When I don’t want to sleep anymore, I curl up on the couch and watch Stratford Pines , or go into the yard and lie on my back in the grass and listen to the trees. I want to cry, but I’m not sure this body knows how. It’s difficult to conjure that pressure, that physical insistence. I think of the phantom tears I used to cry, the ones Cora would dab from my face with those embroidered handkerchiefs of hers. My body, always a betrayer, always giving me the opposite of what I need.
The next few days are worse, because once the shock of it wears off, once my new body bounces right back into humming and clicking in its normal, well-oiled efficiency, I begin to feel it. Somewhere deep inside me, there is the tiniest kernel of relief. And I hate it, and love it, that feeling.
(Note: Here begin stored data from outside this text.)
(* Let $q$ be a prime power. For $i=1,2$, let $\mathcal{C}_i$ be an $[n,k_i,d_i]_q$ linear code with generator matrix $G_i$, and let $\mathcal{C}=\{(\mathbf{u},\mathbf{u}+\mathbf{v}):\ \mathbf{u}\in\mathcal{C}_1,\ \mathbf{v}\in\mathcal{C}_2\}\subseteq\mathbb{F}_q^{2n}$. Then: 1) $\mathcal{C}$ is a $[2n,k_1+k_2,\min\{2d_1,d_2\}]_q$ linear code with generator matrix $\begin{pmatrix} G_1 & G_1\\ O_{k_2\times n} & G_2\end{pmatrix}$. 2) (Euclidean case) Let $l_2=\dim(\mathrm{Hull}_E(\mathcal{C}_2))$. If $q=2^m$ for some $m$, or $\mathcal{C}_1$ is Euclidean self-orthogonal, then $$2\dim(\mathcal{C}_1\cap\mathcal{C}_2^{\perp_E})+l_2-k_1\le \dim(\mathrm{Hull}_E(\mathcal{C}))\le 2\dim(\mathcal{C}_1\cap\mathcal{C}_2^{\perp_E})+k_2-k_1;$$ moreover, if in addition $\mathcal{C}_2$ is Euclidean self-orthogonal, then $\dim(\mathrm{Hull}_E(\mathcal{C}))=2\dim(\mathcal{C}_1\cap\mathcal{C}_2^{\perp_E})+k_2-k_1$. 3) (Hermitian case, $q$ an even power of a prime) Let $l_2=\dim(\mathrm{Hull}_H(\mathcal{C}_2))$. If $q=2^m$ for some $m$, or $\mathcal{C}_1$ is Hermitian self-orthogonal, then $$2\dim(\mathcal{C}_1\cap\mathcal{C}_2^{\perp_H})+l_2-k_1\le \dim(\mathrm{Hull}_H(\mathcal{C}))\le 2\dim(\mathcal{C}_1\cap\mathcal{C}_2^{\perp_H})+k_2-k_1;$$ moreover, if in addition $\mathcal{C}_2$ is Hermitian self-orthogonal, then $\dim(\mathrm{Hull}_H(\mathcal{C}))=2\dim(\mathcal{C}_1\cap\mathcal{C}_2^{\perp_H})+k_2-k_1$.
   Context: An $[n,k,d]_q$ code is a $k$-dimensional subspace of $\mathbb{F}_q^n$ with minimum Hamming distance $d$. Euclidean inner product $(\mathbf{x},\mathbf{y})_E=\sum_i x_iy_i$; when $q=p^h$ with $h$ even, Hermitian inner product $(\mathbf{x},\mathbf{y})_H=\sum_i x_iy_i^{\sqrt q}$. $\mathcal{C}^{\perp_E},\mathcal{C}^{\perp_H}$ are the corresponding duals, $\mathrm{Hull}_E(\mathcal{C})=\mathcal{C}\cap\mathcal{C}^{\perp_E}$, $\mathrm{Hull}_H(\mathcal{C})=\mathcal{C}\cap\mathcal{C}^{\perp_H}$. A code is Euclidean (resp. Hermitian) self-orthogonal if $\mathcal{C}\subseteq\mathcal{C}^{\perp_E}$ (resp. $\mathcal{C}\subseteq\mathcal{C}^{\perp_H}$). *)

(* linear codes over a finite field F as row spaces of matrices. *)
From HB Require Import structures.
From mathcomp Require Import all_boot all_order all_algebra.
Set Implicit Arguments. Unset Strict Implicit. Unset Printing Implicit Defensive.
Import Order.TTheory GRing.Theory Num.Theory.
Local Open Scope ring_scope.

Section Codes.
Variable F : finFieldType.

Definition hdist n (u v : 'rV[F]_n) : nat := #|[set i : 'I_n | u 0 i != v 0 i]|.

Definition min_dist m n (C : 'M[F]_(m, n)) (d : nat) : Prop :=
  (exists u v : 'rV[F]_n, [/\ (u <= C)%MS, (v <= C)%MS, u != v & hdist u v = d]) /\
  (forall u v : 'rV[F]_n, (u <= C)%MS -> (v <= C)%MS -> u != v -> (d <= hdist u v)%N).

Definition edual m n (C : 'M[F]_(m, n)) : 'M[F]_n := kermx C^T.

(* Hermitian dual, for the conjugation x |-> x ^+ r (r = sqrt q):
   {x | (x, c)_H = sum_i x_i c_i^r = 0 for every row c of C}. *)
Definition hconj m n (r : nat) (C : 'M[F]_(m, n)) : 'M[F]_(m, n) :=
  map_mx (fun x => x ^+ r) C.
Definition hdual m n (r : nat) (C : 'M[F]_(m, n)) : 'M[F]_n := kermx (hconj r C)^T.

Definition hullE m n (C : 'M[F]_(m, n)) : 'M[F]_n := (C :&: edual C)%MS.
Definition hullH m n (r : nat) (C : 'M[F]_(m, n)) : 'M[F]_n := (C :&: hdual r C)%MS.

Definition self_orthE m n (C : 'M[F]_(m, n)) : bool := (C <= edual C)%MS.
Definition self_orthH m n (r : nat) (C : 'M[F]_(m, n)) : bool := (C <= hdual r C)%MS.

End Codes.

From HB Require Import structures.
From mathcomp Require Import all_boot all_order all_algebra.
From mathcomp Require Import zify finfield.
Import GRing.Theory.
Local Open Scope ring_scope.
Set Implicit Arguments. Unset Strict Implicit. Unset Printing Implicit Defensive.

(* The generator [block_mx G1 G1 0 G2] is [diag G1 G2] times the invertible
   matrix [1 1; 0 1], so C has dimension k1 + k2.  A nonzero codeword (u, u + v)
   has weight 2 wt(u) when v = 0, and at least wt(u) + wt(u + v) >= wt(v) otherwise.

   Both hulls are radicals of the form <x, y> = x (y^f)^T for an involutive field
   automorphism f (the identity, resp. x |-> x^sqrt(q)), and for a row-free
   generator G the hull has dimension rank G - rank (G (G^f)^T).  The Gram matrix of
   the Plotkin generator is [2 G1 G1^f^T, Q; Q^f^T, S] with Q = G1 G2^f^T and
   S = G2 G2^f^T.  Characteristic 2 or self-orthogonality of C1 kills the corner,
   whence 2 rank Q <= rank Gram <= 2 rank Q + rank S, while
   rank Q = k1 - dim (C1 :&: C2^perp) and rank S = k2 - l2. *)

Section FrobeniusPower.
Variables (R : comNzRingType) (p k : nat).
Hypothesis pcharRp : p \in [pchar R].

(* As for [pFrobenius_aut], the characteristic proof is a phantom argument that
   carries the ring morphism instance. *)
Definition frobenius_pow of p \in [pchar R] := fun x : R => x ^+ (p ^ k).

Fact frobenius_pow_is_nmod_morphism : nmod_morphism (frobenius_pow pcharRp).
Proof.
have p_pr := pcharf_prime pcharRp.
split=> [|x y]; first by rewrite /frobenius_pow expr0n eqn0Ngt expn_gt0 prime_gt0.
by apply: exprDn_pchar; rewrite pnatX (pnatE _ p_pr) pcharRp.
Qed.

Fact frobenius_pow_is_monoid_morphism : monoid_morphism (frobenius_pow pcharRp).
Proof. by split=> [|x y]; rewrite /frobenius_pow ?expr1n ?exprMn. Qed.

HB.instance Definition _ := GRing.isNmodMorphism.Build R R (frobenius_pow pcharRp)
  frobenius_pow_is_nmod_morphism.
HB.instance Definition _ := GRing.isMonoidMorphism.Build R R (frobenius_pow pcharRp)
  frobenius_pow_is_monoid_morphism.

End FrobeniusPower.

Lemma frobenius_pow_halfK (F : finFieldType) p h (pcharFp : p \in [pchar F]) :
  #|F| = (p ^ h)%N -> ~~ odd h -> involutive (frobenius_pow h./2 pcharFp).
Proof.
move=> cardF evenh x; rewrite /frobenius_pow -exprM -expnD addnn.
have ->: h./2.*2 = h by rewrite -[RHS]odd_double_half (negbTE evenh).
by rewrite -cardF expf_card.
Qed.

Section PlotkinSum.
Variable F : fieldType.

Definition plotkin_mx m1 m2 n (A : 'M[F]_(m1, n)) (B : 'M[F]_(m2, n)) :
  'M_(m1 + m2, n + n) := block_mx A A 0 B.

Lemma sub_plotkinP m1 m2 n (A : 'M[F]_(m1, n)) (B : 'M[F]_(m2, n)) (w : 'rV_(n + n)) :
  (w <= plotkin_mx A B)%MS <->
  exists u v, [/\ (u <= A)%MS, (v <= B)%MS & w = row_mx u (u + v)].
Proof.
split=> [/submxP[x ->] | [_ [_ [/submxP[x ->] /submxP[y ->] ->]]]].
  rewrite -[x]hsubmxK mul_row_block mulmx0 addr0.
  by exists (lsubmx x *m A), (rsubmx x *m B); rewrite !submxMl.
by apply/submxP; exists (row_mx x y); rewrite mul_row_block mulmx0 addr0.
Qed.

Lemma mxrank_plotkin m1 m2 n (A : 'M[F]_(m1, n)) (B : 'M[F]_(m2, n)) :
  \rank (plotkin_mx A B) = (\rank A + \rank B)%N.
Proof.
pose U : 'M[F]_(n + n) := block_mx 1%:M 1%:M 0 1%:M.
have U_free : row_free U by rewrite row_free_unit unitmxE det_ublock !det1 mulr1 unitr1.
have -> : plotkin_mx A B = block_mx A 0 0 B *m U.
  by rewrite mulmx_block !mulmx0 !mul0mx !mulmx1 !addr0 add0r.
by rewrite mxrankMfree // rank_diag_block_mx.
Qed.

Lemma mxrank_block0_le m1 m2 n1 n2 (Q : 'M[F]_(m1, n2)) (R : 'M[F]_(m2, n1))
    (S : 'M[F]_(m2, n2)) :
  (\rank (block_mx 0 Q R S) <= \rank Q + \rank R + \rank S)%N.
Proof.
rewrite block_mxEv -addsmxE; apply: leq_trans (mxrank_adds_leqif _ _) _.
rewrite rank_row_0mx -addnA leq_add2l -mxrank_tr tr_row_mx -addsmxE.
by apply: leq_trans (mxrank_adds_leqif _ _) _; rewrite !mxrank_tr.
Qed.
Hate it because it is selfish and cruel, it puts me in league with all the women who wish their children away, who leave their infants locked in cars on hot summer days, or feed them too much cough syrup to quiet them, or abandon them in front of fire stations. And I love it too, that feeling, because it’s proof I’m still alive. That there is still something for me to want in this world, even if it’s to want all the wrong things.
I climb the stairs to the attic, pulling out my artifacts and pressing each between the skin of my palms. There is no thrill of electricity, as if something has waved a magic wand and rendered them inert. It feels like loss, surely, as if the little embryo took the keys to my secret world when it left my body, as if it pulled all the dreams out of me as it left. But another thought occurs to me, as I sit there. Perhaps the dream world has receded because this world has begun to unlock itself. I think of all sorts of possibilities that could exist for a woman risen from the dead, all of the ideas that occurred to me in that jail cell, when I realized I could disappear. I think of open water and mountain tops. Things I’ve never allowed myself to dream, after that night in college when the stick turned pink, when the choices weren’t mine alone anymore. All of this, the accident, the transfer, even my miscarriage, have all conspired to give me the chance to do what I’ve wanted to do since I can remember. How could anyone fault me now, after I have been so torn from my life and it has healed itself with me on the outside? I have been given the world now. How could anyone fault me for leaving?
David Jr.’s arm is in a navy blue cast that reaches from his palm to his elbow. It’s a completely helpless feeling, for my son to be injured every time I see him. To be so far away, avoiding my district and all of those unanswerable questions and probably subpoenas, unable to protect him because I can’t even protect myself.